«Почему? — с тоской думал я. — Мало сил у нас? Немцы очень укрепились? Людей не хватает? Техники? Почему?…»
— Когда же настоящее наступление начнётся? — не удержался я.
— Что значит настоящее? — спросил Лазарев. — Выражайся точнее.
— Точнее? Будто не понимаешь, о чём я говорю. Настоящее — чтобы сразу до Берлина, чтобы сразу смести с нашей земли…
— До Берлина, — усмехнулся Лазарев. — Ты дай себе труд подумать. И рассуждай как военный. Что на фронте происходит? Наступательная операция сейчас завершилась. Войска понесли потери, тылы отстали. Коммуникации растянулись. Надо закрепиться на занятых рубежах, подтянуть тыловые службы, укомплектовать войска, дать им отдых. А что это значит? Значит, надо вывести обессиленные части во второй, даже в третий эшелон, а их заменить свежими. Надо подвести боеприпасы. Много чего надо. Операция завершилась, понимаешь?
— Ну и что? Теперь что прикажешь делать?
— А теперь, — продолжал Лазарев, — исходя из обстановки, из сведений о противнике, из наличия резервов и боевых средств, в штабах составят план новой операции. Может, уже составили. И что-то уточняют. А может, время выбирают. Стараются перехитрить противника, чтобы застать его врасплох. Или обеспечить абсолютное превосходство в силах и тогда уже постараться прорвать фронт, ввести в прорыв резервы, когда войска выйдут на оперативный простор…
Ничего подобного прежде мне слышать не приходилось. На курсах нас учили быстро, по самым сокращённым программам: миномётный взвод или батарея в наступлении, в обороне, на марше; учили и топографию — какой же ты офицер, если не умеешь читать карту? Был ещё штыковой бой, уставы, огневая и артстрелковая подготовка…

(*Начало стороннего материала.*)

(* Let $H$ be a connected graph of order $a \in \mathbb{N}$. Then for every $b \in \mathbb{N}$, \[1 + (a-1)(b-2) \le R_\mathrm{cyc}(H, P_b^\mathrm{mon}) \le 1 + (a-1)(b-1).\]
   Context: All graphs are finite, simple and undirected, and a graph of order $n$ has vertex set $\{0,1,\ldots,n-1\}$; $K_n$ is the complete graph on $\{0,\ldots,n-1\}$. A $2$-edge-coloring of $K_n$ assigns each edge a color in $\{1,2\}$. For a graph $H$ and such a coloring, an embedding of $H$ in color $j$ is an injective map $\varphi\colon V(H)\to V(K_n)$ such that for every edge $uv$ of $H$ the edge $\{\varphi(u),\varphi(v)\}$ has color $j$; it is increasing up to a cyclic permutation if there exists $t\in V(H)$ such that $(\varphi(t),\varphi(t+1),\ldots,\varphi(|H|-1),\varphi(0),\varphi(1),\ldots,\varphi(t-1))$ is an increasing sequence. The cyclic Ramsey number $R_\mathrm{cyc}(H_1,H_2)$ is the smallest $n\in\mathbb{N}$ such that every $2$-edge-coloring of $K_n$ admits an embedding of $H_1$ in color $1$ or of $H_2$ in color $2$ that is increasing up to a cyclic permutation. The monotone path $P_n^\mathrm{mon}$ is the graph of order $n$ in which two vertices are adjacent iff they are consecutive integers. *)

From mathcomp Require Import all_boot all_order all_algebra.
Set Implicit Arguments. Unset Strict Implicit. Unset Printing Implicit Defensive.

Definition simple_graph (n : nat) (E : rel 'I_n) : Prop :=
  symmetric E /\ irreflexive E.

Definition connected_graph (n : nat) (E : rel 'I_n) : Prop :=
  forall u v : 'I_n, connect E u v.

Definition Pmon (n : nat) : rel 'I_n :=
  fun i j => ((val i).+1 == val j) || ((val j).+1 == val i).

(* A 2-edge-colouring of K_n: colour c i j in {1,2} of the edge {i,j}
   (i <> j); symmetric, so it is a colouring of unordered edges. *)
Definition two_coloring (n : nat) (c : 'I_n -> 'I_n -> nat) : Prop :=
  (forall i j : 'I_n, i != j -> c i j = c j i) /\
  (forall i j : 'I_n, i != j -> c i j \in [:: 1; 2]).

Definition embedding_in_color (a n : nat) (E : rel 'I_a)
    (c : 'I_n -> 'I_n -> nat) (j : nat) (phi : 'I_a -> 'I_n) : Prop :=
  injective phi /\ (forall u v : 'I_a, E u v -> c (phi u) (phi v) = j).

(* phi is increasing up to a cyclic permutation: for some t in V(H),
   (phi t, ..., phi (a-1), phi 0, ..., phi (t-1)) is increasing. *)
Definition cyc_increasing (a n : nat) (phi : 'I_a -> 'I_n) : Prop :=
  exists t : 'I_a,
    sorted ltn [seq val (phi k) | k <- rot t (enum 'I_a)].

Definition has_cyc_embedding (a n : nat) (E : rel 'I_a)
    (c : 'I_n -> 'I_n -> nat) (j : nat) : Prop :=
  exists phi : 'I_a -> 'I_n,
    embedding_in_color E c j phi /\ cyc_increasing phi.

Definition cyc_arrows (a1 a2 : nat) (E1 : rel 'I_a1) (E2 : rel 'I_a2)
    (n : nat) : Prop :=
  forall c : 'I_n -> 'I_n -> nat, two_coloring c ->
    has_cyc_embedding E1 c 1 \/ has_cyc_embedding E2 c 2.

Definition is_Rcyc (a1 a2 : nat) (E1 : rel 'I_a1) (E2 : rel 'I_a2)
    (r : nat) : Prop :=
  cyc_arrows E1 E2 r /\ (forall n, n < r -> ~ cyc_arrows E1 E2 n).

(* Upper bound: in a 2-colouring of K_N, N = 1 + (a-1)(b-1), repeatedly strip
   the vertices that are not the right end of an increasing colour-2 edge.  Each
   stripped layer is a colour-1 clique, so either a layer has a vertices, into
   which H embeds increasingly, or b layers are nonempty and yield an increasing
   colour-2 path on b vertices.
   Lower bound: for n <= (a-1)(b-2), colour 1 inside consecutive blocks of a-1
   vertices and 2 between blocks.  A connected colour-1 copy of H stays in one
   block, which is too small.  Along a cyclically increasing colour-2 copy of P_b
   the block index never decreases and, among the b-1 steps of the cyclic order,
   all but the wrap-around are path edges and change block; hence b-1 blocks
   would be needed, but there are at most b-2. *)

From mathcomp Require Import all_boot all_order all_algebra.
From mathcomp Require Import zify.
From Stdlib Require Import ClassicalEpsilon.
Set Implicit Arguments. Unset Strict Implicit. Unset Printing Implicit Defensive.
Import GRing.Theory Num.Theory.

Lemma ex_is_Rcyc (a1 a2 : nat) (E1 : rel 'I_a1) (E2 : rel 'I_a2) (N : nat) :
  cyc_arrows E1 E2 N -> exists2 r, is_Rcyc E1 E2 r & (r <= N)%N.
Proof.
move=> arr_N.
pose P n := if excluded_middle_informative (cyc_arrows E1 E2 n) then true else false.
have PP n : reflect (cyc_arrows E1 E2 n) (P n).
  by rewrite /P; case: excluded_middle_informative => H; constructor.
have [r /PP arr_r r_min] := ex_minnP (ex_intro P N (introT (PP N) arr_N)).
exists r; last exact/r_min/PP.
split=> // n lt_nr /PP /r_min; lia.
Qed.

Definition mono_clique (n : nat) (c : 'I_n -> 'I_n -> nat) (j : nat)
    (Y : {set 'I_n}) : Prop :=
  {in Y &, forall u v : 'I_n, (u < v)%N -> c u v = j}.

Definition mono_inc_path (n : nat) (c : 'I_n -> 'I_n -> nat) (j : nat)
    (s : seq 'I_n) : Prop :=
  sorted (fun u v : 'I_n => (u < v)%N && (c u v == j)) s.

Lemma clique_or_inc_path (n a : nat) (c : 'I_n -> 'I_n -> nat) :
  (forall i j : 'I_n, i != j -> c i j \in [:: 1; 2]) ->
  forall (m : nat) (X : {set 'I_n}), ((a - 1) * m < #|X|)%N ->
  (exists2 Y : {set 'I_n}, (a <= #|Y|)%N & mono_clique c 1 Y) \/
  (exists s : seq 'I_n, [/\ size s = m.+1, mono_inc_path c 2 s & {subset s <= X}]).
Proof.
move=> c12; elim=> [|m IH] X card_X.
  have /card_gt0P [x xX] : (0 < #|X|)%N by lia.
  by right; exists [:: x]; split=> // y; rewrite inE => /eqP ->.
pose A := [set v in X | [forall u in X, (u < v)%N ==> (c u v != 2)]].
have sub_AX : A \subset X by apply/subsetP => v; rewrite inE => /andP [].
have [le_aA | lt_Aa] := leqP a #|A|.
  left; exists A => // u v /(subsetP sub_AX) uX.
  rewrite inE => /andP [_ /forall_inP /(_ u uX)] /implyP v_src lt_uv.
  have := c12 u v; rewrite neq_ltn lt_uv !inE (negbTE (v_src lt_uv)) orbF.
  by move=> /(_ isT) /eqP.
have card_XA : ((a - 1) * m < #|X :\: A|)%N by rewrite cardsD (setIidPr sub_AX); lia.
have [clique | [[|w s] [size_s path_s sub_s]]] := IH _ card_XA; [by left | by [] |].
have /setDP [wX wA] := sub_s w (mem_head w s).
have [u uX uw] : exists2 u, u \in X & (u < w)%N && (c u w == 2).
  move: wA; rewrite inE wX /= negb_forall => /existsP [u].
  by rewrite negb_imply negb_imply negbK => /andP [uX uw]; exists u.
right; exists [:: u, w & s]; split=> //=; first by rewrite -size_s.
  by rewrite /mono_inc_path /= uw.
by move=> y /[!inE] /orP [/eqP -> // | /sub_s /setDP []].
Qed.

Lemma sorted_enum_ord_set (n : nat) (Y : {set 'I_n}) :
  sorted (fun u v : 'I_n => (u < v)%N) (enum Y).
Proof.
rewrite /enum_mem -enumT; apply: sorted_filter; first exact: ltn_trans.
by have := iota_ltn_sorted 0 n; rewrite -val_enum_ord sorted_map.
Qed.

Section SortedSeqEmbedding.

Variables (m n : nat) (x0 : 'I_n) (s : seq 'I_n).
Hypotheses (m_gt0 : (0 < m)%N) (size_s : size s = m)
  (sorted_s : sorted (fun u v : 'I_n => (u < v)%N) s).

Lemma nth_sorted_injective : injective (fun k : 'I_m => nth x0 s k).
Proof.
move=> i j /eqP; rewrite nth_uniq ?size_s // => [/eqP/val_inj //|].
by apply: sorted_uniq sorted_s; [exact: ltn_trans | exact: ltnn].
Qed.

Lemma nth_sorted_cyc_increasing : cyc_increasing (fun k : 'I_m => nth x0 s k).
Proof.
exists (Ordinal m_gt0); rewrite rot0.
have -> : [seq val (nth x0 s k) | k : 'I_m <- enum 'I_m] =
          map val (map (nth x0 s) (map val (enum 'I_m))) by rewrite -!map_comp.
by rewrite val_enum_ord -size_s -/(mkseq _ _) mkseq_nth sorted_map.
Qed.

End SortedSeqEmbedding.

Lemma clique_cyc_embedding (a n : nat) (E : rel 'I_a) (c : 'I_n -> 'I_n -> nat)
    (Y : {set 'I_n}) :
  (0 < a)%N -> irreflexive E -> (forall i j, i != j -> c i j = c j i) ->
  (a <= #|Y|)%N -> mono_clique c 1 Y -> has_cyc_embedding E c 1.
Proof.
move=> a_gt0 E_irr c_sym le_aY clique.
have [x0 _] : exists x0, x0 \in Y by apply/card_gt0P; lia.
set s := take a (enum Y).
have size_s : size s = a by rewrite size_take -cardE; case: ltnP; lia.
have sorted_s := take_sorted a (sorted_enum_ord_set Y).
have phi_inj := nth_sorted_injective (x0 := x0) size_s sorted_s.
exists (fun k : 'I_a => nth x0 s k); split; last exact: nth_sorted_cyc_increasing.
split=> // u v Euv.
have phiY (k : 'I_a) : nth x0 s k \in Y.
  by rewrite -mem_enum; apply: (@mem_take a); apply: mem_nth; rewrite size_s.
have ne_uv : u != v by apply: contraTneq Euv => ->; rewrite E_irr.
have ne_phi : nth x0 s u != nth x0 s v by apply: contra ne_uv => /eqP /phi_inj ->.
case: (ltngtP (nth x0 s u) (nth x0 s v)) => [lt_uv | lt_vu | eq_uv].
- exact: clique.
- by rewrite c_sym // clique.
- by rewrite (val_inj eq_uv) eqxx in ne_phi.
Qed.

Lemma inc_path_cyc_embedding (b n : nat) (c : 'I_n -> 'I_n -> nat) (s : seq 'I_n) :
  (0 < b)%N -> (forall i j, i != j -> c i j = c j i) ->
  size s = b -> mono_inc_path c 2 s -> has_cyc_embedding (@Pmon b) c 2.
Proof.
case: s => [|x0 s'] b_gt0 c_sym size_s path_s; first by rewrite -size_s in b_gt0.
set s := x0 :: s' in size_s path_s.
have sorted_s : sorted (fun u v : 'I_n => (u < v)%N) s.
  by apply: sub_sorted path_s => u v /andP [].
have phi_inj := nth_sorted_injective (x0 := x0) size_s sorted_s.
exists (fun k : 'I_b => nth x0 s k); split; last exact: nth_sorted_cyc_increasing.
have step (u v : 'I_b) : (val u).+1 = val v -> c (nth x0 s u) (nth x0 s v) = 2.
  move=> uv; move/(sortedP x0): path_s => /(_ u); rewrite size_s uv.
  by move=> /(_ (ltn_ord v)) /andP [_ /eqP].
split=> // u v /orP [/eqP /step // | /eqP vu].
rewrite c_sym ?step //; apply/eqP => /phi_inj uv.
by move: vu; rewrite uv; lia.
Qed.

Lemma cyc_arrows_upper (a b : nat) (E : rel 'I_a) :
  (0 < a)%N -> (0 < b)%N -> irreflexive E ->
  cyc_arrows E (@Pmon b) (1 + (a - 1) * (b - 1)).
Proof.
move=> a_gt0 b_gt0 E_irr c [c_sym c12].
have card_T : ((a - 1) * (b - 1) < #|[set: 'I_(1 + (a - 1) * (b - 1))]|)%N.
  by rewrite cardsT card_ord.
have [[Y le_aY clique] | [s [size_s path_s _]]] := clique_or_inc_path c12 card_T.
  by left; apply: clique_cyc_embedding clique.
by right; apply: inc_path_cyc_embedding path_s => //; lia.
Qed.

Lemma rot_enum_ord_nth (b : nat) (t : 'I_b) (p : nat) : (p < b)%N ->
  val (nth t (rot t (enum 'I_b)) p) = (t + p) %% b.
Proof.
move=> lt_pb; have lt_tb := ltn_ord t.
rewrite -(nth_map t 0 val) ?size_rot ?size_enum_ord // map_rot val_enum_ord.
rewrite /rot drop_iota take_iota nth_cat size_iota add0n.
case: ltnP => [lt_p | le_p]; first by rewrite nth_iota // modn_small; lia.
rewrite nth_iota; last lia.
have -> : t + p = p - (b - t) + b by lia.
by rewrite modnDr modn_small; lia.
Qed.

(* [w] lists the vertices in the cyclic order starting at [t]; [e] is the
   position of the wrap-around from b-1 to 0. *)
Lemma cyc_increasing_steps (b n : nat) (phi : 'I_b -> 'I_n) :
  cyc_increasing phi ->
  exists (w : nat -> 'I_b) (e : nat), forall p, (p.+1 < b)%N ->
    (phi (w p) < phi (w p.+1))%N /\ (p != e -> (val (w p)).+1 = val (w p.+1)).
Proof.
move=> [t sorted_t]; have lt_tb := ltn_ord t.
exists (nth t (rot t (enum 'I_b))), (b - t.+1) => p lt_pb; split.
  move/(sortedP 0): sorted_t => /(_ p).
  by rewrite size_map size_rot size_enum_ord !(nth_map t) ?size_rot ?size_enum_ord //;
    [apply | lia].
rewrite !rot_enum_ord_nth; try lia.
move=> ne_pe; case: (ltnP (t + p.+1) b) => [lt_b | le_b].
  by rewrite !modn_small //; lia.
have -> : t + p.+1 = (t + p.+1 - b) + b by lia.
have -> : t + p = (t + p - b) + b by lia.
by rewrite !modnDr !modn_small; lia.
Qed.

Lemma nondecr_strict_but_one (g : nat -> nat) (e m : nat) :
  (forall p, (p < m)%N -> (g p <= g p.+1)%N) ->
  (forall p, (p < m)%N -> p != e -> (g p < g p.+1)%N) ->
  (g 0 + m <= g m + (e < m))%N.
Proof.
elim: m => [|m IH] le_g lt_g; first by lia.
have := IH (fun p lt_pm => le_g p (ltnW lt_pm)) (fun p lt_pm => lt_g p (ltnW lt_pm)).
have := le_g m (ltnSn m); case: (eqVneq m e) => [<- | ne_me].
  by rewrite ltnn ltnSn; lia.
have -> : (e < m.+1) = (e < m) by rewrite ltnS leq_eqVlt eq_sym (negbTE ne_me).
have := lt_g m (ltnSn m) ne_me; lia.
Qed.

Definition block_coloring (n d : nat) (i j : 'I_n) : nat :=
  if i %/ d == j %/ d then 1 else 2.
Arguments block_coloring : clear implicits.

Lemma block_coloring_two (n d : nat) : two_coloring (block_coloring n d).
Proof. by split=> i j _; rewrite /block_coloring; [rewrite eq_sym | case: ifP]. Qed.

Lemma block_coloring_no_connected (a n d : nat) (E : rel 'I_a) :
  (0 < d < a)%N -> connected_graph E -> ~ has_cyc_embedding E (block_coloring n d) 1.
Proof.
move=> /andP [d0 lt_da] Econ [phi [[phi_inj phiE] _]].
pose u0 : 'I_a := Ordinal (leq_ltn_trans (leq0n d) lt_da).
have same_block u : phi u %/ d = phi u0 %/ d.
  have E_closed : closed E [pred v | phi v %/ d == phi u0 %/ d].
    by move=> x y /phiE; rewrite /block_coloring !inE; case: eqP => // ->.
  by have := closed_connect E_closed (Econ u0 u); rewrite !inE eqxx => /esym/eqP.
pose rem u : 'I_d := Ordinal (ltn_pmod (phi u) d0).
have rem_inj : injective rem.
  move=> u v /(congr1 val) /= eq_mod; apply/phi_inj/val_inj.
  by rewrite /= (divn_eq (phi u) d) (divn_eq (phi v) d) eq_mod !same_block.
by have := leq_card rem rem_inj; rewrite !card_ord; lia.
Qed.

Lemma block_coloring_no_cyc_path (n d b : nat) :
  (0 < d)%N -> (n <= d * (b - 2))%N ->
  ~ has_cyc_embedding (@Pmon b) (block_coloring n d) 2.
Proof.
move=> d0 le_n [phi [[_ phiE] /cyc_increasing_steps [w [e steps]]]].
pose g p := phi (w p) %/ d.
have lt_g_last : (g b.-1 < b - 2)%N.
  by rewrite /g ltn_divLR // mulnC; apply: leq_trans le_n; apply: ltn_ord.
have le_g p : (p < b.-1)%N -> (g p <= g p.+1)%N.
  by move=> lt_p; apply/leq_div2r/ltnW; apply: (steps p _).1; lia.
have lt_g p : (p < b.-1)%N -> p != e -> (g p < g p.+1)%N.
  move=> lt_p ne_pe; have [_ /(_ ne_pe) adj] := steps p ltac:(lia).
  have /phiE : Pmon (w p) (w p.+1) by rewrite /Pmon adj eqxx.
  rewrite /block_coloring -/(g p) -/(g p.+1) ltn_neqAle le_g // andbT.
  by case: eqP.
have := @nondecr_strict_but_one g e b.-1 le_g lt_g; lia.
Qed.

Lemma not_cyc_arrows_lower (a b : nat) (E : rel 'I_a) (n : nat) :
  (0 < a)%N -> connected_graph E -> (n <= (a - 1) * (b - 2))%N ->
  ~ cyc_arrows E (@Pmon b) n.
Proof.
move=> a_gt0 E_conn le_n /(_ _ (block_coloring_two n (a - 1))).
have [-> | n_gt0] := posnP n.
  by case=> [[phi _] | [phi [_ [t _]]]]; [case: (phi (Ordinal a_gt0)) | case: (phi t)].
have d_gt0 : (0 < a - 1)%N by move: le_n; case: (a - 1); lia.
case; first by apply: block_coloring_no_connected E_conn; lia.
exact: block_coloring_no_cyc_path le_n.
Qed.

Theorem theorem4p5 (a : nat) (E : rel 'I_a) (b : nat) :
  (1 <= a)%N -> (1 <= b)%N ->
  simple_graph E -> connected_graph E ->
  exists r : nat, is_Rcyc E (@Pmon b) r /\
    ((1 + (a%:Z - 1) * (b%:Z - 2) <= r%:Z)%R /\
     (r%:Z <= 1 + (a%:Z - 1) * (b%:Z - 1))%R).
Proof.
move=> a_gt0 b_gt0 [_ E_irr] E_conn.
have [r [arr_r r_min] le_r] := ex_is_Rcyc (cyc_arrows_upper a_gt0 b_gt0 E_irr).
have lt_r : ((a - 1) * (b - 2) < r)%N.
  rewrite ltnNge; apply/negP => le_r'.
  exact: not_cyc_arrows_lower a_gt0 E_conn le_r' arr_r.
by exists r; split=> //; nia.
Qed.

— Откуда ты всё знаешь? — спросил я. — Тебе бы не взводом, а дивизионом командовать! Или в академии учиться. Просись! Может, и возьмут, с твоими-то знаниями…
— Нет, Витя. Это не для меня. Скажу тебе по секрету: у меня есть свой план. Надеюсь, будешь держать язык на привязи.
— Если не доверяешь, — начал было я, но Лазарев не дал закончить:
— Доверяю, доверяю. Хотя сам не знаю почему. Понравился ты мне, что ли. В тебе, чёрт тебя знает, что-то есть располагающее. Да и трудно жить всё время со своей тайной. Товарищей в полку у меня много, а друга, с которым всё пополам, нету. Был, конечно. Не успею подумать — он уже догадается, о чём думаю. С ним и на войну мечтали поехать. Теперь вот его нету…
— Повздорили, что ли?…
Лазарев помолчал, ответил жёстко:
— С ним нельзя было вздорить. Не такой был человек. Погиб в разведке под Ленинградом. В прошлом году. Ребята из разведвзвода мне написали. Пошли брать «языка», он группой захвата командовал. Захватили, приволокли в своё расположение, только Севка получил два пулевых и ножевое. Фриц этот, которого брали, вояка был, так просто не дался. Приволокли Севку в расположение, он уже сознание терял. Только и успел сказать, чтобы мне написали…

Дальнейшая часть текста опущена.